Tally the lines below that contain the word "constr", then give the tally alone.

*****

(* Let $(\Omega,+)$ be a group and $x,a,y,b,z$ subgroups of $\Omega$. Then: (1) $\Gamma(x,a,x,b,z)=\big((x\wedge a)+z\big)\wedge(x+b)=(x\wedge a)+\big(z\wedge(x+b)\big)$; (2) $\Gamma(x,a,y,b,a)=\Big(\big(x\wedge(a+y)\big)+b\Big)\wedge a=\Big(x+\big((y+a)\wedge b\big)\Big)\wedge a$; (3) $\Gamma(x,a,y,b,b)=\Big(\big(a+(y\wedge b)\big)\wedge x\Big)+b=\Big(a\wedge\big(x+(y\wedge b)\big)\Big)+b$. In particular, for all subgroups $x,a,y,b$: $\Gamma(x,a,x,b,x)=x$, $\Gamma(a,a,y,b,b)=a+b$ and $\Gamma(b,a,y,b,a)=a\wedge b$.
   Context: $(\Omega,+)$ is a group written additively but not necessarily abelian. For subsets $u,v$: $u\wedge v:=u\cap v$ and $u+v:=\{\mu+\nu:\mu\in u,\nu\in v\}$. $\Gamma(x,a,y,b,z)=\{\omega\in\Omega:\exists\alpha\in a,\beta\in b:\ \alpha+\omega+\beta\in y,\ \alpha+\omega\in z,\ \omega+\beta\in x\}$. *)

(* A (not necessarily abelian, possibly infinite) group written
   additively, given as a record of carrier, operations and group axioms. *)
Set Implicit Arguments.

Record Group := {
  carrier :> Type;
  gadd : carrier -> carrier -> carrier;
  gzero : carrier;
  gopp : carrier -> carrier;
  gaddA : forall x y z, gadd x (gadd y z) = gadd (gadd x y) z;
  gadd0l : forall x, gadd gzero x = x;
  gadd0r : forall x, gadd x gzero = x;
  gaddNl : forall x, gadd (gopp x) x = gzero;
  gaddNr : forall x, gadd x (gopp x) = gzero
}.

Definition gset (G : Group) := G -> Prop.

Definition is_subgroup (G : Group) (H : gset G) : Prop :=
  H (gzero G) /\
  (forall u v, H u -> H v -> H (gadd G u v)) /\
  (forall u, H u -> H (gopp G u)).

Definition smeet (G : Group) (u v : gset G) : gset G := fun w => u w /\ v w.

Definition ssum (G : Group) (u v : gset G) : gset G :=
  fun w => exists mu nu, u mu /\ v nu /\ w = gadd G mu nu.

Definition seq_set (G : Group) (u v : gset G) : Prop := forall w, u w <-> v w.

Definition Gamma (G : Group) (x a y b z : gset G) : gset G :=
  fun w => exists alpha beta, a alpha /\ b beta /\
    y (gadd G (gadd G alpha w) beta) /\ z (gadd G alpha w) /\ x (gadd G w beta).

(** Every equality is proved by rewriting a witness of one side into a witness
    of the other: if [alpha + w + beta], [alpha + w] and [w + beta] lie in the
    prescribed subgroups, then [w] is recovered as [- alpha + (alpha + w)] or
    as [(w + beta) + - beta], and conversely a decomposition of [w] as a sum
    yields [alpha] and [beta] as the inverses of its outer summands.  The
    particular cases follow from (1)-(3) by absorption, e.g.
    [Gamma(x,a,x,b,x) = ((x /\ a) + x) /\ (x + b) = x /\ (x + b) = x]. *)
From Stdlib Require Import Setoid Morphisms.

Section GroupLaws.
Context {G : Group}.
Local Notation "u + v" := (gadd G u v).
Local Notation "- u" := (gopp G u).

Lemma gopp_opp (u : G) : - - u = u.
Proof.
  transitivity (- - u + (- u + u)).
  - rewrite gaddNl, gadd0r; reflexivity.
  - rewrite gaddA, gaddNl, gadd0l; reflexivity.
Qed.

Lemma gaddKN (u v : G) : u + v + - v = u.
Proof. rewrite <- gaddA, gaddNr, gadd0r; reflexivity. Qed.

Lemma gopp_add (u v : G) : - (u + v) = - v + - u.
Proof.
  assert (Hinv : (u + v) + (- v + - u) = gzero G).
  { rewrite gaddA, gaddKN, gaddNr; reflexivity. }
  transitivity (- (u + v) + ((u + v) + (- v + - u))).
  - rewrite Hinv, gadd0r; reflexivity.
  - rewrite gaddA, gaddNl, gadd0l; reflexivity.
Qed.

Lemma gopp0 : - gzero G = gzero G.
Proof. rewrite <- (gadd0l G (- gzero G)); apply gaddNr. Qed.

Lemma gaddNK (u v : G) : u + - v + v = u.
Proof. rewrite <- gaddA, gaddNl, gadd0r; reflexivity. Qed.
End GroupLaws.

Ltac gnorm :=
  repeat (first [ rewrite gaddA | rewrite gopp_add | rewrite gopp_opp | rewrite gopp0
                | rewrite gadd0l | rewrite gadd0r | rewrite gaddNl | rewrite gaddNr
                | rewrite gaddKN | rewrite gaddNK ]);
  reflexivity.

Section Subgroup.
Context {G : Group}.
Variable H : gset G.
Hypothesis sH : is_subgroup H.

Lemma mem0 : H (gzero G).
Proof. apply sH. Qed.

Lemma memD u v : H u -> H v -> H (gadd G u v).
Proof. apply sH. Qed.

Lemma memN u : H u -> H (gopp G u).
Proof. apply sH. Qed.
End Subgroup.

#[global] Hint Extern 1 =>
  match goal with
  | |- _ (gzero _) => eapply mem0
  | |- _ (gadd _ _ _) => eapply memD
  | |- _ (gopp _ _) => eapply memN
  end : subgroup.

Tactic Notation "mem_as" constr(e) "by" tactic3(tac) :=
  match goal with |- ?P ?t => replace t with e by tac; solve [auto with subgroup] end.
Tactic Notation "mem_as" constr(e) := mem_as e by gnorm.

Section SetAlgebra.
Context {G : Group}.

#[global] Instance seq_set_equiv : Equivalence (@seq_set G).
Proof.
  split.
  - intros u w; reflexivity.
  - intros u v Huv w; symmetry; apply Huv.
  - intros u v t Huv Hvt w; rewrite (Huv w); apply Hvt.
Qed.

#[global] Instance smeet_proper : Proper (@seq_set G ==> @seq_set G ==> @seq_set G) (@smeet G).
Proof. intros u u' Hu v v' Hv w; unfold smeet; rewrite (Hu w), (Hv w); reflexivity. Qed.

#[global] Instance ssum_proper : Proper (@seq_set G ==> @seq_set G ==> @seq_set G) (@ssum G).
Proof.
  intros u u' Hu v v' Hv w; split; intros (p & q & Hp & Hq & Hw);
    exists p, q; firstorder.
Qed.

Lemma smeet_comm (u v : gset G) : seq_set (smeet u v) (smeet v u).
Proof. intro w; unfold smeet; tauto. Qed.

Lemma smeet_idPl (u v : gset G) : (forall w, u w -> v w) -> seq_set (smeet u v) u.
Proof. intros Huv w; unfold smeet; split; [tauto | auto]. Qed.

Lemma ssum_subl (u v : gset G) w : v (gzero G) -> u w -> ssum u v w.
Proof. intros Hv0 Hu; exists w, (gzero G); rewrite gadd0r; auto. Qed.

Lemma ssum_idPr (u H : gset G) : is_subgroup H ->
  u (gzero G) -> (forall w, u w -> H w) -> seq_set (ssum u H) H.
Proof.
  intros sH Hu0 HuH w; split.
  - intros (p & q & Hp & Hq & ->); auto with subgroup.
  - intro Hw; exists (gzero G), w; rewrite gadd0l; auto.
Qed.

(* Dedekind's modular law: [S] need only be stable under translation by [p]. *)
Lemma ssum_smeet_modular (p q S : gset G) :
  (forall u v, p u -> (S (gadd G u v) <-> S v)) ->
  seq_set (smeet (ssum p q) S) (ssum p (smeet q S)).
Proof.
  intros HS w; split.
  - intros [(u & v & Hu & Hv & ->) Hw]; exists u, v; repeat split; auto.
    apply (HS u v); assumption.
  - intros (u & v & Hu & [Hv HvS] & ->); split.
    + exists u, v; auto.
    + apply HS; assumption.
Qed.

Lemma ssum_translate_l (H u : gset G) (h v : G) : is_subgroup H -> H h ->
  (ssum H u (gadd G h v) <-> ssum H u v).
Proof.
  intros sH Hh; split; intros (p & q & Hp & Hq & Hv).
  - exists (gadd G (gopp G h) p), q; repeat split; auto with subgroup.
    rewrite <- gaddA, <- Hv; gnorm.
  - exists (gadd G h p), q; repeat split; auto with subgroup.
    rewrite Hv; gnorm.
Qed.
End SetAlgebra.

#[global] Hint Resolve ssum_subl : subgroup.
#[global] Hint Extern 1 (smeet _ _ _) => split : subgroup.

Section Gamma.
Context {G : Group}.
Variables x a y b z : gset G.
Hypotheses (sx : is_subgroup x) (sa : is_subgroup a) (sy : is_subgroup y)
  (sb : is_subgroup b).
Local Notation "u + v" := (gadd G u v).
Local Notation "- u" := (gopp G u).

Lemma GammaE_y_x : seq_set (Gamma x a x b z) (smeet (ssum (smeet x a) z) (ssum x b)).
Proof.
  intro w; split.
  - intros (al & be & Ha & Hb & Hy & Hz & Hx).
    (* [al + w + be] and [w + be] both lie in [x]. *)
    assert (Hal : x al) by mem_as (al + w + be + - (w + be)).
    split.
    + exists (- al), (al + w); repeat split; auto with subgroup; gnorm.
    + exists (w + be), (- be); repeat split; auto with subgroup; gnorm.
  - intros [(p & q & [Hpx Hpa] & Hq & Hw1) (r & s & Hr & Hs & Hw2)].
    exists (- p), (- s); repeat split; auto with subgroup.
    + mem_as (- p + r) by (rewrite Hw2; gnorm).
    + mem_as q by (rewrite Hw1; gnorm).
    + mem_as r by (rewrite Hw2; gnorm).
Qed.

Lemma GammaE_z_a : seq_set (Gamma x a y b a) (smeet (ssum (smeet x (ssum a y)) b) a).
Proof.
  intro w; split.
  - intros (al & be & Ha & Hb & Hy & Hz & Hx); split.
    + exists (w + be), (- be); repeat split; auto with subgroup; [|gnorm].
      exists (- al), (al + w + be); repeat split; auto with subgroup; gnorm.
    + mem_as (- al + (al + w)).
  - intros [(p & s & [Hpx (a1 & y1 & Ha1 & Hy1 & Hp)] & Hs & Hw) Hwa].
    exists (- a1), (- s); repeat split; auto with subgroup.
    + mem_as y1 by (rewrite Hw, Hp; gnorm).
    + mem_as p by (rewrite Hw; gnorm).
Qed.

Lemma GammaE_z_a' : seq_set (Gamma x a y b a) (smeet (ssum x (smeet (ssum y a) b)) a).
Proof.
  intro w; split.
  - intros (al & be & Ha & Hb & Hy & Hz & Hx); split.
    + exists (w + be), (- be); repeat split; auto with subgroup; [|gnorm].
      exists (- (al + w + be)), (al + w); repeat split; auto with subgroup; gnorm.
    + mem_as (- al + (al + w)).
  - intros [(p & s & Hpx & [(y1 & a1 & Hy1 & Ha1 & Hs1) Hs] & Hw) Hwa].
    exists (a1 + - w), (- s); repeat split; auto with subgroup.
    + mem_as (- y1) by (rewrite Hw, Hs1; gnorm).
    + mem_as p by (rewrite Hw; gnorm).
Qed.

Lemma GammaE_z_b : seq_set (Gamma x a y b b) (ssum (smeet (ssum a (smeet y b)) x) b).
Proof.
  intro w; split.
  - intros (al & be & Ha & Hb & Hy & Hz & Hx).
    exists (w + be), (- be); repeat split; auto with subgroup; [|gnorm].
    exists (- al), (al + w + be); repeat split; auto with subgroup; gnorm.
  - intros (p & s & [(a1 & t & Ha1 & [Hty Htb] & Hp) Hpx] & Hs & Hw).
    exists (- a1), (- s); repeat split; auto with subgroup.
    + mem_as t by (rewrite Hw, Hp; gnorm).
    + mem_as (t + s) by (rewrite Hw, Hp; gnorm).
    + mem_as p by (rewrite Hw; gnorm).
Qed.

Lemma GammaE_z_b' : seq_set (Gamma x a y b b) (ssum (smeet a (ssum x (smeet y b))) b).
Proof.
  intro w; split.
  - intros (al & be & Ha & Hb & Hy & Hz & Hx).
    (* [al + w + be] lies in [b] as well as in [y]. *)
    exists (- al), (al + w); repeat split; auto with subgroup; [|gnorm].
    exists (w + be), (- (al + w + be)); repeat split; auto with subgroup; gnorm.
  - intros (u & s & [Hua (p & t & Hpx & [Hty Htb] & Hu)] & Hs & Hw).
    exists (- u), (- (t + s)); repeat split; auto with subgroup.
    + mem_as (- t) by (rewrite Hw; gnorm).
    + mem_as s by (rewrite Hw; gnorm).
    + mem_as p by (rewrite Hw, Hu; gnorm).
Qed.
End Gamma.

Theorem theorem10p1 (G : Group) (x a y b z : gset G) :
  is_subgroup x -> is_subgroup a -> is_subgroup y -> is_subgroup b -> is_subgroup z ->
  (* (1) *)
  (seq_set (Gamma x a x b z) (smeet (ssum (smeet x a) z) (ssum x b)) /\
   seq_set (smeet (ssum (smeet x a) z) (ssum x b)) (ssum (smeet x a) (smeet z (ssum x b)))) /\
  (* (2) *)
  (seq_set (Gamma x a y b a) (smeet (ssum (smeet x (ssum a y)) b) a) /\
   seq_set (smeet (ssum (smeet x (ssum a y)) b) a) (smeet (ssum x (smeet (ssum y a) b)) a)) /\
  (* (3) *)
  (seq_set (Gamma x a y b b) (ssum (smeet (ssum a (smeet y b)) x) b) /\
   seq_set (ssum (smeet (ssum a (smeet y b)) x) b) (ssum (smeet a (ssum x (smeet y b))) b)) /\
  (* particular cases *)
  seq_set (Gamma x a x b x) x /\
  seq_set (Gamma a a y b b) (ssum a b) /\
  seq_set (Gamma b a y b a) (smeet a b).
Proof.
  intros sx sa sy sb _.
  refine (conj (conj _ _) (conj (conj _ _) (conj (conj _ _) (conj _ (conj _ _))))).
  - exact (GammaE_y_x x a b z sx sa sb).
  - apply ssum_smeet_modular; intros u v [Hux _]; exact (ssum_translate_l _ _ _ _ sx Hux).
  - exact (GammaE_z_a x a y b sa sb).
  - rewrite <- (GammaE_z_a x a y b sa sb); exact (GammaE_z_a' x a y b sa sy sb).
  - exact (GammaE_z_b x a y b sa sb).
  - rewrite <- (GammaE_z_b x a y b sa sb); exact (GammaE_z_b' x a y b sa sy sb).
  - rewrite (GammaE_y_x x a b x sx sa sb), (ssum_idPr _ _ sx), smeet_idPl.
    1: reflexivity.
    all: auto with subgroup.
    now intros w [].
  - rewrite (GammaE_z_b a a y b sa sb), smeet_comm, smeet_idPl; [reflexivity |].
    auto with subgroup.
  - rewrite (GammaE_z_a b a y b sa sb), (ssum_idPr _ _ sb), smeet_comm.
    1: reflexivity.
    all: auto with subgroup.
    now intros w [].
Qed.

*****

== OUTPUT BELOW ==
2